En France, la progression des parachutistes est strictement encadrée par des règles établies par la Fédération Française de Parachutisme (FFP).
Les brevets de parachutisme permettent de structurer l’apprentissage, de garantir la sécurité et d’ouvrir l’accès à différentes disciplines et niveaux de pratique.
Le brevet A est le premier brevet de parachutisme.
Il s’obtient généralement à partir d’une quinzaine de sauts.
Il permet de :
plier son parachute,
atterrir sans assistance radio,
s’équiper de manière autonome,
intégrer une séance de sauts en toute sécurité.
Ce brevet valide les fondamentaux de la pratique autonome.
Le brevet B est accessible aux alentours de 30 sauts.
Il marque une étape technique importante dans la progression.
Pour l’obtenir, il faut réaliser :
un saut avec figures associées,
un saut dans une position différente de la position à plat (généralement sur le dos),
un saut largué à 1 500 mètres avec une précision d’atterrissage.
⚠️ En parachutisme, chaque saut doit être effectué deux fois pour être validé.
Le brevet B ouvre l’accès aux brevets de spécialité, notamment :
B1 : voltige et précision d’atterrissage,
B2 : vol relatif,
B3 : voile contact,
BI4 / B4 : freefly et freestyle,
BI5 / B5 : pilotage sous voile.
Le BPA ne peut être obtenu qu’à partir de 100 sauts.

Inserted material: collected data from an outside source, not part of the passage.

(* Let $H$ be a real Hilbert space and consider the problem $$\text{minimize } J(x):=a_J\|x\|^2+2\langle b_J,x\rangle+c_J\quad\text{subject to}\quad f_k(x):=a_k\|x\|^2+2\langle b_k,x\rangle+c_k\le 0,\ k=1,\dots,m,$$ with $a_J,a_k,c_J,c_k\in\mathbb{R}$ and $b_J,b_k\in H$. Let $x^*$ be a global minimizer of this problem, set $a_0:=a_J$, $b_0:=b_J$, $c_0:=c_J-J(x^* )$, so that $f_0(x):=J(x)-J(x^* )=a_0\|x\|^2+2\langle b_0,x\rangle+c_0$, and define $$\Omega_0:=\{(f_0(x),f_1(x),\dots,f_m(x))\mid x\in H\}+\operatorname{int}\mathbb{R}^{m+1}_+ .$$ Suppose that one of the following holds: (1) $H$ is infinite dimensional; (2) $H$ has finite dimension $n\in\mathbb{N}$ and every maximal linearly independent subset of $\{b_0,b_1,\dots,b_m\}$ has cardinality $\bar m<n$. Then $\Omega_0$ is convex.
   Context: $\|\cdot\|$ is the norm induced by the inner product of $H$. $\operatorname{int}\mathbb{R}^{m+1}_+$ is the set of vectors in $\mathbb{R}^{m+1}$ with strictly positive components and $+$ is the Minkowski sum. *)

From mathcomp Require Import all_boot all_order all_algebra.
From mathcomp Require Import reals.
Set Implicit Arguments. Unset Strict Implicit. Unset Printing Implicit Defensive.
Import Order.TTheory GRing.Theory Num.Theory.
Local Open Scope ring_scope.

Section Defs.
Variable R : realType.
Variable V : lmodType R.

Definition is_hilbert_inner (ip : V -> V -> R) : Prop :=
  [/\ (forall x y, ip x y = ip y x),
      (forall a x y z, ip (a *: x + y) z = a * ip x z + ip y z),
      (forall x, 0 <= ip x x),
      (forall x, ip x x = 0 -> x = 0) &
      (forall u : nat -> V,
         (forall e : R, 0 < e -> exists N : nat, forall p q : nat,
            (N <= p)%N -> (N <= q)%N -> Num.sqrt (ip (u p - u q) (u p - u q)) < e) ->
         exists l : V, forall e : R, 0 < e -> exists N : nat, forall p : nat,
            (N <= p)%N -> Num.sqrt (ip (u p - l) (u p - l)) < e)].

Definition lin_indep_on (I : finType) (v : I -> V) (S : {set I}) : Prop :=
  forall c : I -> R, \sum_(i in S) c i *: v i = 0 -> forall i, i \in S -> c i = 0.

Definition lin_indep (I : finType) (v : I -> V) : Prop := lin_indep_on v setT.

Definition spans (I : finType) (v : I -> V) : Prop :=
  forall x : V, exists c : I -> R, x = \sum_i c i *: v i.

Definition has_dim (n : nat) : Prop :=
  exists v : 'I_n -> V, lin_indep v /\ spans v.

Definition infinite_dim : Prop :=
  forall n : nat, exists v : 'I_n -> V, lin_indep v.

Definition max_lin_indep (I : finType) (v : I -> V) (S : {set I}) : Prop :=
  lin_indep_on v S /\ (forall j, j \notin S -> ~ lin_indep_on v (j |: S)).

Definition quadf (ip : V -> V -> R) (a : R) (b : V) (c : R) (x : V) : R :=
  a * ip x x + 2 * ip b x + c.

(* index 0 of 'I_m.+1 gets the "J"-data, index k.+1 gets the k-th constraint *)
Definition ext0 (T : Type) (m : nat) (t0 : T) (t : 'I_m -> T) (i : 'I_m.+1) : T :=
  match unlift ord0 i with None => t0 | Some k => t k end.

Definition convex_rV (m : nat) (A : 'rV[R]_m -> Prop) : Prop :=
  forall y z : 'rV[R]_m, A y -> A z -> forall t : R, 0 <= t -> t <= 1 ->
    A (t *: y + (1 - t) *: z).

End Defs.

From mathcomp Require Import all_boot all_order all_algebra.
From mathcomp Require Import reals boolp.
From mathcomp Require Import ring lra.
Set Implicit Arguments. Unset Strict Implicit.
Import Order.TTheory GRing.Theory Num.Theory.
Local Open Scope ring_scope.

(* If some z <> 0 is orthogonal to every b_k, moving along z changes ||x||^2
   but none of the linear parts <b_k, x>.  For x_t = t x1 + (1 - t) x2 the
   linear parts are already the convex combination, while ||x_t||^2 falls short
   of t ||x1||^2 + (1 - t) ||x2||^2 by t (1 - t) ||x1 - x2||^2 >= 0; a suitable
   shift x_t + s z closes this gap.  Hence the image of
   x |-> (f_0(x), ..., f_m(x)) is already convex, and so is its sum with the
   open orthant.  Such a z exists because the b_k span a subspace of dimension
   smaller than that of H. *)

Section InnerProduct.
Variables (R : rcfType) (V : lmodType R) (ip : V -> V -> R).
Hypothesis ipC : forall x y, ip x y = ip y x.
Hypothesis ip_linear : forall a x y z, ip (a *: x + y) z = a * ip x z + ip y z.

Lemma ip0l z : ip 0 z = 0.
Proof.
move: (ip_linear 1 0 0 z); rewrite scaler0 addr0 mul1r -{1}[ip 0 z]addr0.
by move/addrI.
Qed.

Lemma ipDl x y z : ip (x + y) z = ip x z + ip y z.
Proof. by have := ip_linear 1 x y z; rewrite scale1r mul1r. Qed.

Lemma ipZl a x z : ip (a *: x) z = a * ip x z.
Proof. by have := ip_linear a x 0 z; rewrite addr0 ip0l addr0. Qed.

Lemma ipNl x z : ip (- x) z = - ip x z.
Proof. by rewrite -scaleN1r ipZl mulN1r. Qed.

Lemma ipDr x y z : ip z (x + y) = ip z x + ip z y.
Proof. by rewrite ipC ipDl !(ipC z). Qed.

Lemma ipZr a x z : ip z (a *: x) = a * ip z x.
Proof. by rewrite ipC ipZl (ipC z). Qed.

Lemma ipNr x z : ip z (- x) = - ip z x.
Proof. by rewrite ipC ipNl (ipC z). Qed.

Lemma ip_suml (I : finType) (P : pred I) (c : I -> R) (v : I -> V) w :
  ip (\sum_(i | P i) c i *: v i) w = \sum_(i | P i) c i * ip (v i) w.
Proof.
apply: (big_rec2 (fun X Y => ip X w = Y)); first exact: ip0l.
by move=> i X Y _ <-; rewrite ipDl ipZl.
Qed.

Lemma sqnorm_convex_gap x1 x2 t :
  t * ip x1 x1 + (1 - t) * ip x2 x2
    - ip (t *: x1 + (1 - t) *: x2) (t *: x1 + (1 - t) *: x2)
  = t * (1 - t) * ip (x1 - x2) (x1 - x2).
Proof. by rewrite !(ipDl, ipDr, ipZl, ipZr, ipNl, ipNr) (ipC x2 x1); ring. Qed.

Lemma exists_sqnorm_shift x z d : 0 < ip z z -> 0 <= d ->
  exists s, ip (x + s *: z) (x + s *: z) = ip x x + d.
Proof.
move=> z_pos d_ge0; set N := ip z z; set p := ip x z.
set r := Num.sqrt (p ^+ 2 + N * d).
have r2 : r ^+ 2 = p ^+ 2 + N * d.
  by rewrite sqr_sqrtr // addr_ge0 ?sqr_ge0 // mulr_ge0 // ltW.
set s := (r - p) / N.
have sN : s * N = r - p by rewrite divfK ?lt0r_neq0.
have s_root : s * (s * N) + 2 * s * p = d.
  apply: (mulIf (lt0r_neq0 z_pos)); rewrite /= -/N.
  transitivity (s * N * (s * N + 2 * p)); first by ring.
  rewrite sN; transitivity (r ^+ 2 - p ^+ 2); first by ring.
  by rewrite r2; ring.
exists s; rewrite ipDl !ipDr !ipZl !ipZr (ipC z x) -/N -/p -s_root; ring.
Qed.

Hypothesis ip_ge0 : forall x, 0 <= ip x x.

Lemma exists_convex_lift x1 x2 z t : 0 < ip z z -> 0 <= t -> t <= 1 ->
  exists x, ip x x = t * ip x1 x1 + (1 - t) * ip x2 x2 /\
    forall w, ip w z = 0 -> ip w x = t * ip w x1 + (1 - t) * ip w x2.
Proof.
move=> z_pos t_ge0 t_le1; set xt := t *: x1 + (1 - t) *: x2.
have gap_ge0 : 0 <= t * ip x1 x1 + (1 - t) * ip x2 x2 - ip xt xt.
  by rewrite sqnorm_convex_gap !mulr_ge0 // subr_ge0.
have [s xs_norm] := exists_sqnorm_shift xt z_pos gap_ge0.
exists (xt + s *: z); split; first by rewrite xs_norm addrC subrK.
by move=> w wz; rewrite ipDr ipZr wz mulr0 addr0 ipDr !ipZr.
Qed.

End InnerProduct.

Section Orthogonal.
Variables (R : realType) (V : lmodType R) (ip : V -> V -> R).
Hypothesis ipC : forall x y, ip x y = ip y x.
Hypothesis ip_linear : forall a x y z, ip (a *: x + y) z = a * ip x z + ip y z.

Lemma exists_max_lin_indep (I : finType) (v : I -> V) :
  exists S, max_lin_indep v S.
Proof.
pose P n := `[< exists S : {set I}, lin_indep_on v S /\ #|S| = n >].
have P0 : exists n, P n.
  exists 0%N; apply/asboolP; exists set0; rewrite cards0; split=> //.
  by move=> c _ i; rewrite in_set0.
have P_le n : P n -> (n <= #|I|)%N by move=> /asboolP[S [_ <-]]; apply: max_card.
case: (ex_maxnP P0 P_le) => n /asboolP[S [S_indep <-]] S_max.
exists S; split=> // j jS jS_indep.
have : P #|j |: S| by apply/asboolP; exists (j |: S).
by move/S_max; rewrite cardsU1 jS add1n ltnn.
Qed.

Lemma exists_orthogonal_of_lt k l (u : 'I_k -> V) (w : 'I_l -> V) :
  (l < k)%N -> lin_indep u -> exists2 z, z != 0 & forall j, ip (w j) z = 0.
Proof.
move=> lk u_indep; pose M : 'M[R]_(k, l) := \matrix_(i, j) ip (u i) (w j).
have : kermx M != 0.
  rewrite -mxrank_eq0 mxrank_ker subn_eq0 -ltnNge.
  exact: leq_ltn_trans (rank_leq_col M) lk.
case/rowV0Pn => y /sub_kermxP yM y_neq0.
exists (\sum_(i in [set: 'I_k]) y 0 i *: u i).
  apply: contraNneq y_neq0 => y_sum0; apply/eqP/rowP => i.
  by rewrite mxE (u_indep _ y_sum0) ?in_setT.
move=> j; rewrite ipC (ip_suml ip_linear).
have := congr1 (fun A : 'rV[R]_l => A 0 j) yM; rewrite !mxE => yMj.
by apply: etrans yMj; apply: eq_big => [i|i _]; rewrite ?in_setT ?mxE.
Qed.

Lemma orthogonal_max_lin_indep (I : finType) (v : I -> V) S z :
  max_lin_indep v S -> {in S, forall s, ip (v s) z = 0} ->
  forall i, ip (v i) z = 0.
Proof.
move=> [S_indep S_max] zS i; have [/zS //|iS] := boolP (i \in S).
have [c c_sum [k kiS ck]] : exists2 c : I -> R,
    \sum_(k in i |: S) c k *: v k = 0 & exists2 k, k \in i |: S & c k != 0.
  apply: contra_notP (S_max i iS) => no_c c c_sum k kiS.
  by apply: contra_notP no_c => /eqP ck; exists c => //; exists k.
have := congr1 (ip^~ z) c_sum.
rewrite (ip_suml ip_linear) (ip0l ip_linear) !big_setU1 //=.
rewrite big1 ?addr0 => [|s sS]; last by rewrite zS ?mulr0.
move/eqP; rewrite mulf_eq0 => /orP[/eqP ci0|/eqP //]; exfalso.
rewrite big_setU1 //= ci0 scale0r add0r in c_sum.
move: kiS ck; rewrite in_setU1 => /orP[/eqP->|kS]; first by rewrite ci0 eqxx.
by rewrite (S_indep c c_sum) ?eqxx.
Qed.

Lemma exists_orthogonal_max_lin_indep k (u : 'I_k -> V) (I : finType)
    (v : I -> V) S :
  lin_indep u -> max_lin_indep v S -> (#|S| < k)%N ->
  exists2 z, z != 0 & forall i, ip (v i) z = 0.
Proof.
move=> u_indep vS Sk.
have [z z_neq0 z_orth] :=
  exists_orthogonal_of_lt (fun j : 'I_#|S| => v (enum_val j)) Sk u_indep.
exists z => //; apply: orthogonal_max_lin_indep vS _ => s sS.
by have := z_orth (enum_rank_in sS s); rewrite /= enum_rankK_in.
Qed.

Lemma exists_orthogonal_of_dim (I : finType) (v : I -> V) :
  infinite_dim V \/
    (exists n, has_dim V n /\
       forall S, max_lin_indep v S -> (#|S| < n)%N) ->
  exists2 z, z != 0 & forall i, ip (v i) z = 0.
Proof.
have [S vS] := exists_max_lin_indep v.
case=> [V_inf | [n [[u [u_indep _]] small_rank]]].
  have [u u_indep] := V_inf #|I|.+1.
  by apply: exists_orthogonal_max_lin_indep u_indep vS _; rewrite ltnS max_card.
exact: exists_orthogonal_max_lin_indep u_indep vS (small_rank S vS).
Qed.

Hypothesis ip_ge0 : forall x, 0 <= ip x x.

Lemma exists_quadf_convex_comb x1 x2 z t : 0 < ip z z -> 0 <= t -> t <= 1 ->
  exists x, forall a b c, ip b z = 0 ->
    quadf ip a b c x = t * quadf ip a b c x1 + (1 - t) * quadf ip a b c x2.
Proof.
move=> z_pos t_ge0 t_le1.
have [x [x_norm x_lin]] :=
  exists_convex_lift ipC ip_linear ip_ge0 x1 x2 z_pos t_ge0 t_le1.
by exists x => a b c bz; rewrite /quadf x_norm x_lin //; ring.
Qed.

Lemma convex_range_add_pos (T : Type) n (F : T -> 'rV[R]_n) :
  (forall x1 x2 t, 0 <= t -> t <= 1 ->
     exists x, F x = t *: F x1 + (1 - t) *: F x2) ->
  convex_rV (fun y => exists x, exists d : 'rV[R]_n,
                        (forall i, 0 < d 0 i) /\ y = F x + d).
Proof.
move=> F_convex _ _ [x1 [d1 [d1_pos ->]]] [x2 [d2 [d2_pos ->]]] t t_ge0 t_le1.
have [x Fx] := F_convex x1 x2 t t_ge0 t_le1.
exists x, (t *: d1 + (1 - t) *: d2); split.
  by move=> i; rewrite !mxE; have := d1_pos i; have := d2_pos i; nra.
by rewrite Fx; apply/rowP => i; rewrite !mxE; ring.
Qed.

End Orthogonal.

(* Constraints f_1..f_m are indexed by k : 'I_m (k stands for k+1). *)
Theorem theorem4p1 (R : realType) (V : lmodType R) (ip : V -> V -> R)
  (m : nat) (aJ : R) (bJ : V) (cJ : R)
  (a : 'I_m -> R) (b : 'I_m -> V) (c : 'I_m -> R) (xs : V) :
  is_hilbert_inner ip ->
  (forall k, quadf ip (a k) (b k) (c k) xs <= 0) ->
  (forall x, (forall k, quadf ip (a k) (b k) (c k) x <= 0) ->
     quadf ip aJ bJ cJ xs <= quadf ip aJ bJ cJ x) ->
  let a0 := aJ in let b0 := bJ in let c0 := cJ - quadf ip aJ bJ cJ xs in
  let bfam := ext0 b0 b in
  let F := fun x : V => \row_(i < m.+1)
             quadf ip (ext0 a0 a i) (ext0 b0 b i) (ext0 c0 c i) x in
  let Omega0 := fun y : 'rV[R]_m.+1 =>
      exists x : V, exists d : 'rV[R]_m.+1, (forall i, 0 < d 0 i) /\ y = F x + d in
  (infinite_dim V \/
   exists n : nat, has_dim V n /\
     (forall S : {set 'I_m.+1}, max_lin_indep bfam S -> (#|S| < n)%N)) ->
  convex_rV Omega0.
Proof.
move=> [ipC ip_linear ip_ge0 ip_eq0 _] _ _ a0 b0 c0 bfam F Omega0 dim_cond.
have [z z_neq0 z_orth] := exists_orthogonal_of_dim ipC ip_linear dim_cond.
have z_pos : 0 < ip z z.
  by rewrite lt0r ip_ge0 andbT; apply: contra z_neq0 => /eqP/ip_eq0 ->.
apply: convex_range_add_pos => x1 x2 t t_ge0 t_le1.
have [x Fx] :=
  exists_quadf_convex_comb ipC ip_linear ip_ge0 x1 x2 z_pos t_ge0 t_le1.
by exists x; apply/rowP => i; rewrite !mxE Fx ?z_orth.
Qed.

Il confirme une autonomie complète du parachutiste.
Il permet notamment :
le port d’une caméra en chute libre,
la capacité à larguer d’autres parachutistes, en coordination avec le pilote (commandant de bord),
l’accès aux brevets C et D.
Le brevet C donne la capacité de :
vérifier et encadrer des élèves (selon leur niveau),
intervenir dans les aéronefs,
travailler en salle de pliage,
accéder aux formations fédérales.
Il marque l’entrée dans une pratique à responsabilités.
Le brevet D autorise :
les sauts de démonstration,
les sauts spéciaux,
des pratiques à forte visibilité ou contraintes particulières.
Il existe également :
des brevets wingsuit, composés de 3 niveaux,
un brevet dédié au pilotage des voiles hybrides.